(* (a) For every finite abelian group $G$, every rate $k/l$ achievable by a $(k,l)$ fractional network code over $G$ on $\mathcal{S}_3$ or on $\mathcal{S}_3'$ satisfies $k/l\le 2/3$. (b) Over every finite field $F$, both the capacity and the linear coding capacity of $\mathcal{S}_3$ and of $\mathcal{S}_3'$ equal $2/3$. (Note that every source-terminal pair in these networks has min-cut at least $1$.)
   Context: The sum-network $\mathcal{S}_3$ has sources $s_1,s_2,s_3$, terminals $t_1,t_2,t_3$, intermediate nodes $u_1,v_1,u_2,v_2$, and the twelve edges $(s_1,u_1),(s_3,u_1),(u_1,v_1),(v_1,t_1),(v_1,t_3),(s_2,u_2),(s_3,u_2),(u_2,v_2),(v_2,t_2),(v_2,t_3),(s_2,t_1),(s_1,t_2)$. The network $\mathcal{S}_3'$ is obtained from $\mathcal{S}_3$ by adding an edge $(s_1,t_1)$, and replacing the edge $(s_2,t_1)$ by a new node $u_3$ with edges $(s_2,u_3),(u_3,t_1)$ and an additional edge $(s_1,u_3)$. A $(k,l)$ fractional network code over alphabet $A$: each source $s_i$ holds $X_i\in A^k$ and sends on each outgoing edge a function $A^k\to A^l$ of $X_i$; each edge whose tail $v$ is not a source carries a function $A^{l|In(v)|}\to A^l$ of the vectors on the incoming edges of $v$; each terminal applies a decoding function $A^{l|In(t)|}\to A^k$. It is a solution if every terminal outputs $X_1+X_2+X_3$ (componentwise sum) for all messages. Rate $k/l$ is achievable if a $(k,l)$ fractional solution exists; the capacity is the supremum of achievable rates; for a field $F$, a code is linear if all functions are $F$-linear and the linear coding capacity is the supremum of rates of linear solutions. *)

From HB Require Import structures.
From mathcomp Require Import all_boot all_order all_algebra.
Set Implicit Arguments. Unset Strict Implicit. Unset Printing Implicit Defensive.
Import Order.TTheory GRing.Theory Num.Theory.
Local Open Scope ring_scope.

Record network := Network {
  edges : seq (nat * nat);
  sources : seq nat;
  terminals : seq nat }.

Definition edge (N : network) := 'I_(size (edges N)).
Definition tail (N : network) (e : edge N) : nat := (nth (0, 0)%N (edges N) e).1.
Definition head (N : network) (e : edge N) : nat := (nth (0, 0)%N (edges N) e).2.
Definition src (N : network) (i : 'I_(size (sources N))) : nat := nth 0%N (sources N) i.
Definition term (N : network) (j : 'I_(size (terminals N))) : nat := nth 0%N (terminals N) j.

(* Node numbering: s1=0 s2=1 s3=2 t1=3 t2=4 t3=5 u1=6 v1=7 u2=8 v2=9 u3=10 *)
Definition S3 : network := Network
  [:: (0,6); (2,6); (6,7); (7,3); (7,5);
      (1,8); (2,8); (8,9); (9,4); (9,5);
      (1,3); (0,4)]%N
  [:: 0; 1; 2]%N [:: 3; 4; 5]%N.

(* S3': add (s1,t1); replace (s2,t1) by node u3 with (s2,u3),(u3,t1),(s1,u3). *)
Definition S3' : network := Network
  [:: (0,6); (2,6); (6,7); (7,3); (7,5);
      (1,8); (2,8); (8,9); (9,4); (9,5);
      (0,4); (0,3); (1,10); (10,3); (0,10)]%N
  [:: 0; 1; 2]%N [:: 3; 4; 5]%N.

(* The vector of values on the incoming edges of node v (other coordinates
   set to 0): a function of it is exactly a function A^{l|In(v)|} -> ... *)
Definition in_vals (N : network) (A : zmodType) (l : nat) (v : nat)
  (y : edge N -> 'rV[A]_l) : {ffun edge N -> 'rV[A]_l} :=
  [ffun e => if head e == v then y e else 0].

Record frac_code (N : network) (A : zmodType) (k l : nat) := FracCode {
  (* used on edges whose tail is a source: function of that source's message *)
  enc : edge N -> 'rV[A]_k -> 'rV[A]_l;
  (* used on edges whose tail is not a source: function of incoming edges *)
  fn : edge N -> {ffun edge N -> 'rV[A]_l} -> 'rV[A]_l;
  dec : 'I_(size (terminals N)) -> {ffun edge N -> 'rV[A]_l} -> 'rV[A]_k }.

--

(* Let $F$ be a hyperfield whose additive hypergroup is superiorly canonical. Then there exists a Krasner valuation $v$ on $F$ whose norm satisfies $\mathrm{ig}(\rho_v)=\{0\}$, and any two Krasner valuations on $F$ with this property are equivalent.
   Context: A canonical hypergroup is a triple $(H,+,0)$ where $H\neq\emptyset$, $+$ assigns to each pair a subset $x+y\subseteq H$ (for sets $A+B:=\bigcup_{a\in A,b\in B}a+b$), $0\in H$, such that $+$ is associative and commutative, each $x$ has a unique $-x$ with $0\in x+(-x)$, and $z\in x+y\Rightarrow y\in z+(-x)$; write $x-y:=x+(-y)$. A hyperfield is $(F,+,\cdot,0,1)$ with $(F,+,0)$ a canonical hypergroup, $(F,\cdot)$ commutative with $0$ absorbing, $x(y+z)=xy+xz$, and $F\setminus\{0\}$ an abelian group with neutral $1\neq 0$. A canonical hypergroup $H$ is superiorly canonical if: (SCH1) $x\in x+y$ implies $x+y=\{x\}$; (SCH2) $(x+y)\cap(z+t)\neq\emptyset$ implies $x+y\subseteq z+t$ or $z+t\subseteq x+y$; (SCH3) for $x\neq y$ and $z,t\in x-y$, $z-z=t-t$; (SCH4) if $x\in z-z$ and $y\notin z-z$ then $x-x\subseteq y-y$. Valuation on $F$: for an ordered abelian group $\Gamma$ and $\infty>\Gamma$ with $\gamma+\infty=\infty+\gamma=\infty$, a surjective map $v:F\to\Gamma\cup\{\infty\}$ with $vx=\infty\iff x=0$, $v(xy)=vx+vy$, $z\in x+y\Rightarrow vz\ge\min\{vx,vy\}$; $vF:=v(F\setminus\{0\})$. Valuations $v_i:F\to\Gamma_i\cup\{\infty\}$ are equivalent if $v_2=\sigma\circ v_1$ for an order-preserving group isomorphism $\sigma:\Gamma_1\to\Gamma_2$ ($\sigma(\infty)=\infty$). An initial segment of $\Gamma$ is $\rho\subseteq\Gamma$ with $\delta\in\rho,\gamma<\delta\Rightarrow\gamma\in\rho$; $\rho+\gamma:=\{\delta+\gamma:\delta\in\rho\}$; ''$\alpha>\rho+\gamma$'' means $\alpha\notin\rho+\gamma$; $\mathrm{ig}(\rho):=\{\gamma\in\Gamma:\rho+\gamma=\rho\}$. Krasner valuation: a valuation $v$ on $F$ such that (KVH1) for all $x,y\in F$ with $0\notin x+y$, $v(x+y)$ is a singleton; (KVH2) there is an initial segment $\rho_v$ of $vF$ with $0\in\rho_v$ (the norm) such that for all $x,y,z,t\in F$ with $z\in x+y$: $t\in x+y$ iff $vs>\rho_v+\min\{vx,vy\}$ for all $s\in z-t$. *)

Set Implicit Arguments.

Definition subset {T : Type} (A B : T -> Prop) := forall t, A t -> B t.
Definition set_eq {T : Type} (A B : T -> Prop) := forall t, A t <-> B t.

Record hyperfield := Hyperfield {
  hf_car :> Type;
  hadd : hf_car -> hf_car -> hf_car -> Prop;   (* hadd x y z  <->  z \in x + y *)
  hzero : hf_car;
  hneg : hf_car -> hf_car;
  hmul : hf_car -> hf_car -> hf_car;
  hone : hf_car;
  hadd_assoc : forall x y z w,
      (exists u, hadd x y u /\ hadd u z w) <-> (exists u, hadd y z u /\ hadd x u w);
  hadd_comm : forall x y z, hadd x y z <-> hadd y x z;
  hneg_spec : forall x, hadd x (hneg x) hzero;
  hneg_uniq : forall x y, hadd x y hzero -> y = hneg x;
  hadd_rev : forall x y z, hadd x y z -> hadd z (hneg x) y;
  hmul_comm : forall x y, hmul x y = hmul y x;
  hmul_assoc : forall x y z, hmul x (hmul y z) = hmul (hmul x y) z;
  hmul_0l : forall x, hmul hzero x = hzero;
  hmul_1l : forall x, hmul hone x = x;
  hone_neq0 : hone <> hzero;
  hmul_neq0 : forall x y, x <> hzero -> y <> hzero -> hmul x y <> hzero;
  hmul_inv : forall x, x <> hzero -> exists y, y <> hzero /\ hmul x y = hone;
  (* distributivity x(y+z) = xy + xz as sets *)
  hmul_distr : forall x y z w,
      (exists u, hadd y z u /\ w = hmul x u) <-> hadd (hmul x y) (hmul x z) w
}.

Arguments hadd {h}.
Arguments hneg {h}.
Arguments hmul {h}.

▸ Work to be completed
If a line in the entries contains the word "ffun", copy that line out.

▸ Output of the task
  (y : edge N -> 'rV[A]_l) : {ffun edge N -> 'rV[A]_l} :=
  [ffun e => if head e == v then y e else 0].
  fn : edge N -> {ffun edge N -> 'rV[A]_l} -> 'rV[A]_l;
  dec : 'I_(size (terminals N)) -> {ffun edge N -> 'rV[A]_l} -> 'rV[A]_k }.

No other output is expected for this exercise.